I regret not having found a good moisturizer for my dry skin, I have suffered a lot, not being able to spend more than 2 hours without reapplying cream... of course no foundation, and every two hours, application of cream with maybe some blush or bronzer... 
  	I have seen a doctor 4 years ago, it did help.... we changed cream and it increased the 2 hours to 3 hours !!! 
	

	
	
		
		

		
			




  	About 1 year ago, I have found one good moisturizer, it is not ideal but it changed my life anyway, if only I had found one before !!! Still looking for the perfect one but at least I can wear foundation, blush and no more dry patches...


----------



## nightingails (Aug 25, 2011)

well my face skin is awfully no matter what I do.
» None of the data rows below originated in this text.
Lemma borel_inf_many (P : nat -> Prop) : borel (fun f => inf_many f P).
Proof.
  apply (borel_forall (fun N f => exists m, N <= m /\ f m = true /\ P m)). intro N.
  apply (borel_union (fun m f => N <= m /\ f m = true /\ P m)). intro m.
  apply borel_ext with (fun f => f m = true /\ (N <= m /\ P m)).
  - apply borel_and; [apply borel_cyl | apply borel_const].
  - intro f. tauto.
Qed.

Lemma borel_leftmost_branch (k : nat) (tau : nat -> nat) :
  borel (fun f => leftmost_branch f k tau).
Proof.
  induction k as [|k IH]; cbn [leftmost_branch]; [apply borel_const|].
  apply borel_and; [exact IH|]. apply borel_and; [apply borel_inf_many|].
  apply (borel_forall (fun i f => i < tau k ->
           ~ inf_many f (prefix_agrees (set_at tau k i) (S k)))). intro i.
  destruct (classic (i < tau k)) as [Hi | Hi].
  - apply borel_ext with (fun f => ~ inf_many f (prefix_agrees (set_at tau k i) (S k))).
    + apply borel_compl, borel_inf_many.
    + intro f. tauto.
  - apply borel_ext with (fun _ => True); [apply borel_const|]. intro f. tauto.
Qed.

(* [n] is kept when it lies in [f] and its address follows the leftmost branch
   for one more coordinate than the number [s] of elements kept before it. *)
Definition select_at (f : nat -> bool) (n s : nat) : bool :=
  f n && asbool (leftmost_branch f (S s) (fun j => a j n)).

Fixpoint selected_count (f : nat -> bool) (n : nat) : nat :=
  match n with
  | 0 => 0
  | S n' => selected_count f n' + (if select_at f n' (selected_count f n') then 1 else 0)
  end.

Definition select (f : nat -> bool) (n : nat) : bool := select_at f n (selected_count f n).

Lemma borel_select_at (n s : nat) : borel (fun f => select_at f n s = true).
Proof.
  apply borel_ext with (fun f => f n = true /\ leftmost_branch f (S s) (fun j => a j n)).
  - apply borel_and; [apply borel_cyl | apply borel_leftmost_branch].
  - intro f. unfold select_at. rewrite Bool.andb_true_iff, asbool_true. reflexivity.
Qed.

Lemma borel_selected_count (n : nat) : forall s, borel (fun f => selected_count f n = s).
Proof.
  induction n as [|n IH]; intro s; cbn [selected_count]; [apply borel_const|].
  apply borel_ext with (fun f => (selected_count f n = s /\ ~ select_at f n s = true) \/
      (exists s', s = S s' /\ selected_count f n = s' /\ select_at f n s' = true)).
  - apply borel_or.
    + apply borel_and; [apply IH | apply borel_compl, borel_select_at].
    + apply (borel_union (fun s' f =>
               s = S s' /\ selected_count f n = s' /\ select_at f n s' = true)). intro s'.
      apply borel_and; [apply borel_const | apply borel_and; [apply IH | apply borel_select_at]].
  - intro f. destruct (select_at f n (selected_count f n)) eqn:Hsel; split.
    + intros [[<- Hnot] | [s' [-> [<- _]]]]; [contradiction | lia].
    + intros <-. right. exists (selected_count f n). repeat split; [lia | exact Hsel].
    + intros [[<- _] | [s' [-> [<- Hs']]]]; [lia | congruence].
    + intros <-. left. rewrite Nat.add_0_r, Hsel. split; [reflexivity | discriminate].
Qed.

Lemma borel_select (n : nat) : borel (fun f => select f n = true).
Proof.
  apply borel_ext with (fun f => exists s, selected_count f n = s /\ select_at f n s = true).
  - apply (borel_union (fun s f => selected_count f n = s /\ select_at f n s = true)).
    intro s. apply borel_and; [apply borel_selected_count | apply borel_select_at].
  - intro f. unfold select. split; [intros [s [<- Hs]]; exact Hs | intro Hs; eauto].
Qed.

Lemma select_borel_map : borel_map select.
Proof.
  intros C HC. induction HC as [n b | A _ IH | A _ IH | A C _ IH HAC].
  - destruct b; [exact (borel_select n)|].
    apply borel_ext with (fun f => ~ select f n = true).
    + apply borel_compl, borel_select.
    + intro f. rewrite Bool.not_true_iff_false. reflexivity.
  - apply borel_compl, IH.
  - exact (borel_union _ IH).
  - apply borel_ext with (fun f => A (select f)); [exact IH|]. intro f. apply HAC.
Qed.

Lemma select_subset (f : nat -> bool) : subset_of (select f) f.
Proof.
  intros n Hn. unfold select, select_at in Hn. now apply Bool.andb_true_iff in Hn.
Qed.

Lemma select_leftmost_branch (f : nat -> bool) (n : nat) :
  select f n = true -> leftmost_branch f (S (selected_count f n)) (fun j => a j n).
Proof.
  unfold select, select_at. rewrite Bool.andb_true_iff, asbool_true. tauto.
Qed.

Lemma selected_count_mono (f : nat -> bool) (n n' : nat) :
  n <= n' -> selected_count f n <= selected_count f n'.
Proof. induction 1 as [|n' _ IH]; cbn [selected_count]; lia. Qed.

Lemma selected_count_select (f : nat -> bool) (n : nat) :
  select f n = true -> selected_count f (S n) = S (selected_count f n).
Proof. unfold select. intro Hsel. cbn [selected_count]. rewrite Hsel. lia. Qed.

Lemma selected_count_const (f : nat -> bool) (N n : nat) :
  N <= n -> (forall m, N <= m -> m < n -> select f m = false) ->
  selected_count f n = selected_count f N.
Proof.
  induction 1 as [|n Hle IH]; intro Hnone; [reflexivity|]. cbn [selected_count].
  assert (Hn : select f n = false) by (apply Hnone; lia).
  unfold select in Hn. rewrite Hn, IH; [lia|]. intros m Hm1 Hm2. apply Hnone; lia.
Qed.

Lemma select_infinite (B : nat -> nat) (f : nat -> bool) :
  (forall k n, a k n < B k) -> infinite_set f -> infinite_set (select f).
Proof.
  intros Ha Hf N.
  destruct (leftmost_branch_exists B f Ha Hf (S (selected_count f N))) as [tau [HB Hinf]].
  destruct (Hinf N) as [n [Hn [Hfn Hagree]]].
  destruct (classic (exists m, N <= m /\ m < n /\ select f m = true))
    as [[m [HNm [Hmn Hsel]]] | Hnone].
  - exists m. split; [exact HNm | exact Hsel].
  - exists n. split; [exact Hn|].
    assert (Hcount : selected_count f n = selected_count f N).
    { apply selected_count_const; [exact Hn|]. intros m HNm Hmn.
      apply Bool.not_true_iff_false. intro Hsel. apply Hnone. eauto. }
    unfold select, select_at. rewrite Hcount, Hfn. apply asbool_true.
    apply (leftmost_branch_ext f _ tau); [|exact HB]. intros j Hj. symmetry. now apply Hagree.
Qed.

Lemma selected_count_unbounded (f : nat -> bool) :
  infinite_set (select f) -> forall K, exists N, K <= selected_count f N.
Proof.
  intros Hinf K. induction K as [|K [N HN]]; [exists 0; lia|].
  destruct (Hinf N) as [m [Hm Hsel]]. exists (S m).
  rewrite (selected_count_select f m Hsel). pose proof (selected_count_mono f N m Hm). lia.
Qed.

Lemma select_addresses_stabilize (f : nat -> bool) (k : nat) :
  exists N, forall n m, N <= n -> N <= m -> select f n = true -> select f m = true ->
    a k n = a k m.
Proof.
  destruct (classic (infinite_set (select f))) as [Hinf | Hfin].
  - destruct (selected_count_unbounded f Hinf (S k)) as [N HN].
    exists N. intros n m Hn Hm Hsn Hsm.
    assert (Hdeep : forall p, N <= p -> select f p = true ->
               leftmost_branch f (S k) (fun j => a j p)).
    { intros p Hp Hsp. apply (leftmost_branch_le f (S (selected_count f p))).
      - pose proof (selected_count_mono f N p Hp). lia.
      - now apply select_leftmost_branch. }
    exact (leftmost_branch_unique f (S k) _ _ (Hdeep n Hn Hsn) (Hdeep m Hm Hsm) k
             (Nat.lt_succ_diag_r k)).
  - apply not_all_ex_not in Hfin. destruct Hfin as [N HN].
    exists N. intros n m Hn _ Hsn _. exfalso. apply HN. eauto.
Qed.

End AddressTree.

Open Scope R_scope.

Theorem mainTheorem17 (X : Type) (d : X -> X -> R) (x : nat -> X)
    (Hmet : is_metric d) (Hcpt : metric_compact d) (Hdense : dense_seq d x) :
  (exists c : nat -> nat -> bool,
     forall h : nat -> bool, infinite_set h -> homogeneous c h ->
       converges_along d x h) /\
  (exists S : (nat -> bool) -> (nat -> bool), borel_selector (conv_family d x) S).
Proof.
  destruct (addresses_exist X d Hmet Hcpt x) as [a [B [cen [Ha Hcen]]]].
  split.
  - exists (lex_coloring a). intros h Hinf Hhom.
    apply (converges_of_stable_addresses X d Hmet Hcpt x a cen h Hcen).
    exact (lex_homogeneous_addresses_stabilize a B h Ha Hinf Hhom).
  - exists (select a). split; [|split; [|split]].
    + apply select_borel_map.
    + apply select_subset.
    + intro f. apply (converges_of_stable_addresses X d Hmet Hcpt x a cen _ Hcen).
      apply select_addresses_stabilize.
    + intro f. exact (select_infinite a B f Ha).
Qed.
I tried every recommended product on earth and seems only drinking loads of water does the trick. Problem? I hate drinking water.


----------



## Candlecove (Sep 13, 2011)

...


----------



## anne082 (Feb 21, 2012)

i definitely regret not taking care of my skin from my teen years


----------



## flexibleloyalty (Feb 28, 2012)

Mine is not taking care of my skin in my teens and early twenties  Im sure my skin would look a lot better now if I had


----------



## JacquiiieM (Sep 1, 2012)

Definitely has to be picking at my skin  I'm left with acne scarring that I've been battling to get rid of for years, finally fading though!


----------



## mommy22girls (Sep 3, 2012)

Dying my hair blue black in college.  I had purple-black ends for about 3 weeks.  My hair has always been darker since then.  Also, not caring about how I look for so long.  I had two kids and the beauty routine kind of went to pot.  Now 3 years later, I am trying to get myself back into a routine and it is so hard!


----------



## Spruceitup (Sep 3, 2012)

1. Was NOT plucking my eyebrows for so long. My mom never taught me / never took me anywhere so I did not know how to and looking back at pictures it looked really bad. I think the first time I plucked I was 20 years old.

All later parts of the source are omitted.